Hi all,

First of all, thanks Onur for fixing this.

With regards to where we merge the code, my personal preference would be to
merge it to trunk ASAP ((which means that it would be part of 0.10.3.0).
Generally, I think we should be conservative when it comes to code merged
right before the RC gets cut, i.e. we should limit it to documentation,
tests, fixes for regressions and critical fixes that affect new
functionality (to avoid shipping broken new features). As we now have
frequent time-based releases, the next release is never far away and it
reduces/eliminates the need to fast-track KIPs in my opinion. Also we have
to be particularly careful to avoid a situation where we have frequent, but
slightly broken time-based releases making it difficult for users to choose
a good release.

For this particular KIP, I agree with Onur that people wouldn't want to
rely on a non-deterministic RF, so the code change would only affect people
setting up new clusters with 1 or 2 Kafka nodes using an existing config
(i.e. not the updated server.properties) and with no
offsets.topic.replication.factor set in the config. Hopefully people are
not doing this outside of test clusters and the fix is easy.
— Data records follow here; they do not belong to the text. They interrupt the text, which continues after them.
Lemma cmul4_smooth_transform al be :
  al <> C0 -> be <> C0 -> smooth_transform (cmul4 al be).
Proof.
  intros Ha Hb. pose proof ix4_neq as [H01 [_ [_ [_ [_ H23]]]]].
  exact (smooth_transform_comp _ _ (cmul_at_smooth_transform _ _ _ H01 Ha)
           (cmul_at_smooth_transform _ _ _ H23 Hb)).
Qed.

Lemma cmul2_smooth_transform m : m <> C0 -> smooth_transform (cmul2 m).
Proof. intro Hm. apply cmul_at_smooth_transform; [apply ix2_neq | exact Hm]. Qed.

Lemma cmul4_mul al be al' be' u :
  cmul4 al' be' (cmul4 al be u) = cmul4 (Cmul al' al) (Cmul be' be) u.
Proof.
  pose proof ix4_neq as [? [? [? [? [? ?]]]]]. unfold cmul4.
  rewrite (cmul_at_comm (ix4 2) (ix4 3) (ix4 0) (ix4 1)) by auto.
  rewrite !cmul_at_mul; auto.
Qed.

Lemma cmul4_inv al be u :
  al <> C0 -> be <> C0 -> cmul4 (Cinv al) (Cinv be) (cmul4 al be u) = u.
Proof.
  intros Ha Hb. rewrite cmul4_mul, !Cinv_l by auto. unfold cmul4. rewrite !cmul_at_1. auto.
Qed.

Lemma cmul4_inv' al be u :
  al <> C0 -> be <> C0 -> cmul4 al be (cmul4 (Cinv al) (Cinv be) u) = u.
Proof.
  intros Ha Hb. rewrite cmul4_mul, !Cinv_r by auto. unfold cmul4. rewrite !cmul_at_1. auto.
Qed.

Lemma cmul2_inv m v : m <> C0 -> cmul2 (Cinv m) (cmul2 m v) = v.
Proof. intro. unfold cmul2. rewrite cmul_at_mul, Cinv_l by (auto; apply ix2_neq). apply cmul_at_1. Qed.

Lemma cmul2_inv' m v : m <> C0 -> cmul2 m (cmul2 (Cinv m) v) = v.
Proof. intro. unfold cmul2. rewrite cmul_at_mul, Cinv_r by (auto; apply ix2_neq). apply cmul_at_1. Qed.

Lemma local_form_rescale (g g' : Rn 4 -> Rn 2) al be m N y :
  al <> C0 -> be <> C0 -> m <> C0 ->
  (forall u, g' (cmul4 al be u) = cmul2 m (g u)) ->
  local_form g N y -> local_form g' N (cmul4 al be y).
Proof.
  intros Ha Hb Hm Hg.
  apply (local_form_transform (cmul4 al be) (cmul4 (Cinv al) (Cinv be))
           (cmul2 m) (cmul2 (Cinv m)) g);
    intros; auto using cmul4_smooth_transform, cmul2_smooth_transform, Cinv_neq0,
      cmul4_inv, cmul4_inv', cmul2_inv, cmul2_inv'.
  rewrite <- Hg, cmul4_inv'; auto.
Qed.

Lemma rescale_inv (g g' : Rn 4 -> Rn 2) al be m :
  al <> C0 -> be <> C0 -> m <> C0 ->
  (forall u, g' (cmul4 al be u) = cmul2 m (g u)) ->
  forall x, g (cmul4 (Cinv al) (Cinv be) x) = cmul2 (Cinv m) (g' x).
Proof.
  intros Ha Hb Hm Hg x.
  rewrite <- (cmul4_inv' al be x Ha Hb) at 2. rewrite Hg, cmul2_inv; auto.
Qed.

Lemma excellent_rescale (g g' : Rn 4 -> Rn 2) al be m :
  al <> C0 -> be <> C0 -> m <> C0 ->
  (forall u, g' (cmul4 al be u) = cmul2 m (g u)) ->
  excellent g -> excellent g'.
Proof.
  intros Ha Hb Hm Hg Hex x.
  rewrite <- (cmul4_inv' al be x Ha Hb).
  destruct (Hex (cmul4 (Cinv al) (Cinv be) x)) as [X | [X | [X | [X | X]]]];
    apply (local_form_rescale g g' al be m) in X; auto.
Qed.

Lemma has_definite_fold_rescale (g g' : Rn 4 -> Rn 2) al be m :
  al <> C0 -> be <> C0 -> m <> C0 ->
  (forall u, g' (cmul4 al be u) = cmul2 m (g u)) ->
  has_definite_fold g' -> has_definite_fold g.
Proof.
  intros Ha Hb Hm Hg [x Hx].
  exists (cmul4 (Cinv al) (Cinv be) x).
  apply (local_form_rescale g' g (Cinv al) (Cinv be) (Cinv m));
    auto using Cinv_neq0, rescale_inv.
Qed.

Lemma realify_rescale (F G : Cplx -> Cplx -> Cplx) al be m :
  (forall z w, F (Cmul al z) (Cmul be w) = Cmul m (G z w)) ->
  forall u, realify F (cmul4 al be u) = cmul2 m (realify G u).
Proof.
  intros H u. unfold realify.
  replace (x_ (cmul4 al be u) 0, x_ (cmul4 al be u) 1) with (Cmul al (x_ u 0, x_ u 1))
    by (unfold cmul4, x_, cmul_at, Cmul; cbn; f_equal; ring).
  replace (x_ (cmul4 al be u) 2, x_ (cmul4 al be u) 3) with (Cmul be (x_ u 2, x_ u 3))
    by (unfold cmul4, x_, cmul_at, Cmul; cbn; f_equal; ring).
  rewrite H. generalize (G (x_ u 0, x_ u 1) (x_ u 2, x_ u 3)); intros [r s].
  apply functional_extensionality; intro k.
  apply (Fin.caseS' k); [|intro k'; apply (Fin.caseS' k'); [|intro k''; inversion k'']];
    unfold cmul2, cmul_at, mk2, Cmul; cbn; ring.
Qed.

(** * The deformation *)

Lemma Cpow_mul x y n : Cpow (Cmul x y) n = Cmul (Cpow x n) (Cpow y n).
Proof.
  induction n as [|n IH]; simpl; [cplx; f_equal; ring|].
  rewrite IH. generalize (Cpow x n) (Cpow y n). intros. cplx. f_equal; ring.
Qed.

Lemma Cpow_RtoC l n : Cpow (RtoC l) n = RtoC (l ^ n).
Proof. induction n as [|n IH]; simpl; [reflexivity|]. rewrite IH. cplx. f_equal; ring. Qed.

Lemma lin_def_antilinear f a2 b2 t z w :
  lin_def f (fun _ => C0) (fun _ => C0) a2 b2 t z w =
  Cadd (Cadd (f z w) (Cmul (a2 t) (Cconj z))) (Cmul (b2 t) (Cconj w)).
Proof.
  unfold lin_def. generalize (f z w) (a2 t) (b2 t). intros. cplx. f_equal; ring.
Qed.

Lemma fpq_rescale (p q : nat) a b c1 c2 mu l k U V :
  l <> 0 -> k <> 0 -> l ^ p = k ^ q ->
  Cpow c1 p = Cmul a (Cconj c1) -> Cpow c2 q = Cmul b (Cconj c2) ->
  Cmul mu (Cmul b (Cconj c2)) = Cmul a (Cconj c1) ->
  let Z := Cmul (Cmul (RtoC l) c1) U in
  let W := Cmul (Cmul (RtoC k) c2) V in
  Cadd (Cadd (fpq p q Z W) (Cmul (Cmul (RtoC (l ^ p / l)) a) (Cconj Z)))
       (Cmul (Cmul (RtoC (k ^ q / k)) b) (Cconj W))
  = Cmul (Cmul (RtoC (l ^ p)) (Cmul b (Cconj c2))) (Pmap p q mu U V).
Proof.
  intros Hl Hk Hlk H1 H2 Hmu Z W. subst Z W.
  unfold fpq, Pmap. rewrite !Cpow_mul, !Cpow_RtoC, H1, H2, <- Hlk.
  generalize (Cpow U p) (Cpow V q). intros P1 P2.
  transitivity (Cmul (RtoC (l ^ p))
                  (Cadd (Cmul (Cmul a (Cconj c1)) (Cadd P1 (Cconj U)))
                        (Cmul (Cmul b (Cconj c2)) (Cadd P2 (Cconj V))))).
  - generalize (l ^ p). intro s. cplx. f_equal; field; auto.
  - rewrite <- Hmu. generalize (l ^ p). intro s. cplx. f_equal; ring.
Qed.

Lemma pow_mul_pred t m n : t <> 0 -> (1 <= n)%nat -> t ^ (m * (n - 1)) = (t ^ m) ^ n / t ^ m.
Proof.
  intros Ht Hn. rewrite <- pow_mult.
  replace (m * n)%nat with (m * (n - 1) + m)%nat by (destruct n; lia).
  rewrite pow_add. field. apply pow_nonzero; exact Ht.
Qed.

Lemma real_analytic_01_monomial A n : real_analytic_01 (fun t => A * t ^ n).
Proof.
  intros t0 _.
  set (c := fun k => if Compare_dec.le_lt_dec k n then A * C n k * t0 ^ (n - k) else 0).
  exists 1, c. split; [lra|]. intros t _ _.
  set (s := fun k => c k * (t - t0) ^ k).
  assert (Hn : sum_f_R0 s n = A * t ^ n).
  { replace (t ^ n) with (((t - t0) + t0) ^ n) by (f_equal; ring).
    rewrite binomial, scal_sum. apply sum_eq. intros i Hi.
    unfold s, c. destruct (Compare_dec.le_lt_dec i n); [ring | lia]. }
  assert (Htail : forall d, sum_f_R0 s (n + d) = A * t ^ n).
  { induction d as [|d IH]; [rewrite Nat.add_0_r; exact Hn|].
    rewrite Nat.add_succ_r. simpl. rewrite IH.
    unfold s, c. destruct (Compare_dec.le_lt_dec (S (n + d)) n); [lia | ring]. }
  intros eps Heps. exists n. intros m Hm.
  replace m with (n + (m - n))%nat by lia. rewrite Htail, Rdist_eq. lra.
Qed.

Lemma real_analytic_01_ext h h' :
  (forall t, h t = h' t) -> real_analytic_01 h -> real_analytic_01 h'.
Proof. intros H. replace h' with h; auto. apply functional_extensionality; auto. Qed.

Lemma C_analytic_01_monomial n a : C_analytic_01 (fun t => Cmul (RtoC (t ^ n)) a).
Proof.
  destruct a as [a1 a2]. split.
  - apply (real_analytic_01_ext (fun t => a1 * t ^ n));
      [intro t; cplx; ring | apply real_analytic_01_monomial].
  - apply (real_analytic_01_ext (fun t => a2 * t ^ n));
      [intro t; cplx; ring | apply real_analytic_01_monomial].
Qed.

Lemma C_analytic_01_zero : C_analytic_01 (fun _ => C0).
Proof.
  split; apply (real_analytic_01_ext (fun t => 0 * t ^ 0));
    try (intro; cplx; ring); apply real_analytic_01_monomial.
Qed.

Lemma monomial_at_0 n a : (1 <= n)%nat -> Cmul (RtoC (0 ^ n)) a = C0.
Proof. intro Hn. rewrite pow_i by lia. cplx. f_equal; ring. Qed.

Section Deformation.

Variables (p q : nat) (a b c1 c2 : Cplx).
Hypotheses (Hp : (1 <= p)%nat) (Hq : (1 <= q)%nat).
Hypotheses (Hc1 : Cpow c1 p = Cmul a (Cconj c1)) (Hc2 : Cpow c2 q = Cmul b (Cconj c2)).

Let mu := Cdiv (Cmul a (Cconj c1)) (Cmul b (Cconj c2)).

Definition deform_a (t : R) : Cplx := Cmul (RtoC (t ^ (q * (p - 1)))) a.
Definition deform_b (t : R) : Cplx := Cmul (RtoC (t ^ (p * (q - 1)))) b.

Lemma deformation_rescale t :
  0 < t -> Cmul b (Cconj c2) <> C0 ->
  forall u, realify (lin_def (fpq p q) (fun _ => C0) (fun _ => C0) deform_a deform_b t)
              (cmul4 (Cmul (RtoC (t ^ q)) c1) (Cmul (RtoC (t ^ p)) c2) u)
            = cmul2 (Cmul (RtoC ((t ^ q) ^ p)) (Cmul b (Cconj c2)))
                    (realify (Pmap p q mu) u).
Proof.
  intros Ht Hbc. apply realify_rescale. intros U V.
  assert (Htq : t ^ q <> 0) by (apply pow_nonzero; lra).
  assert (Htp : t ^ p <> 0) by (apply pow_nonzero; lra).
  assert (Hs : (t ^ q) ^ p = (t ^ p) ^ q) by (rewrite <- !pow_mult; f_equal; lia).
  rewrite lin_def_antilinear. unfold deform_a, deform_b.
  rewrite !pow_mul_pred by (auto; lra).
  apply fpq_rescale; auto. apply Cdiv_mul; exact Hbc.
Qed.

End Deformation.

Theorem lemma3p1 (p q : nat) (a b c1 c2 : Cplx) :
  (2 <= p)%nat -> (2 <= q)%nat ->
  a <> C0 -> b <> C0 -> c1 <> C0 -> c2 <> C0 ->
  Cpow c1 p = Cmul a (Cconj c1) ->
  Cpow c2 q = Cmul b (Cconj c2) ->
  let mu := Cdiv (Cmul a (Cconj c1)) (Cmul b (Cconj c2)) in
  excellent (realify (Pmap p q mu)) ->
  exists a1 b1 a2 b2 : R -> Cplx,
    is_linear_deformation a1 b1 a2 b2 /\
    (forall t, 0 < t <= 1 -> excellent (realify (lin_def (fpq p q) a1 b1 a2 b2 t))) /\
    (forall z w, lin_def (fpq p q) a1 b1 a2 b2 1 z w =
                 Cadd (Cadd (fpq p q z w) (Cmul a (Cconj z))) (Cmul b (Cconj w))) /\
    (~ has_definite_fold (realify (Pmap p q mu)) ->
       forall t, 0 < t <= 1 ->
         ~ has_definite_fold (realify (lin_def (fpq p q) a1 b1 a2 b2 t))).
Proof.
  intros Hp Hq Ha Hb Hc1 Hc2 H1 H2 mu HP.
  assert (Hbc : Cmul b (Cconj c2) <> C0) by auto using Cmul_neq0, Cconj_neq0.
  assert (Hnz : forall t n c, 0 < t -> c <> C0 -> Cmul (RtoC (t ^ n)) c <> C0)
    by (intros; apply Cmul_neq0, H0; apply RtoC_neq0, pow_nonzero; lra).
  assert (Hres := fun t Ht => deformation_rescale p q a b c1 c2
                                ltac:(lia) ltac:(lia) H1 H2 t Ht Hbc).
  exists (fun _ => C0), (fun _ => C0), (deform_a p q a), (deform_b p q b).
  split; [|split; [|split]].
  - unfold is_linear_deformation, deform_a, deform_b.
    split; [exact C_analytic_01_zero|]. split; [exact C_analytic_01_zero|].
    split; [apply C_analytic_01_monomial|]. split; [apply C_analytic_01_monomial|].
    repeat split; apply monomial_at_0; nia.
  - intros t [Ht _].
    exact (excellent_rescale _ _ _ _ _ (Hnz t q c1 Ht Hc1) (Hnz t p c2 Ht Hc2)
             (Hnz (t ^ q) p _ (pow_lt _ _ Ht) Hbc) (Hres t Ht) HP).
  - intros z w. rewrite lin_def_antilinear. unfold deform_a, deform_b. rewrite !pow1.
    generalize (fpq p q z w). intro F. cplx. f_equal; ring.
  - intros HnP t [Ht _] Hfold. apply HnP.
    exact (has_definite_fold_rescale _ _ _ _ _ (Hnz t q c1 Ht Hc1) (Hnz t p c2 Ht Hc2)
             (Hnz (t ^ q) p _ (pow_lt _ _ Ht) Hbc) (Hres t Ht) Hfold).
Qed.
The second point is the new config in `server.properties`. The fact that
`server.properties` should only be used for quickstarts is obvious to us,
but seemingly not for other people. We have a couple of JIRAs[1][2] and a
number of mailing list threads about people who are surprised by the fact
that `log.dir` is set to `/tmp` in `server.properties`. I actually think
that we should rename `server.properties` to `server-quickstart.properties`
(or something similar) and have a more reasonable `server.properties`
(maybe with a different name). In any case, that's out of scope for this
KIP, but the point seemed relevant.

Having said all that, if I'm the only one who feels this way about
including this KIP in 0.10.2, then I'm OK with it being included.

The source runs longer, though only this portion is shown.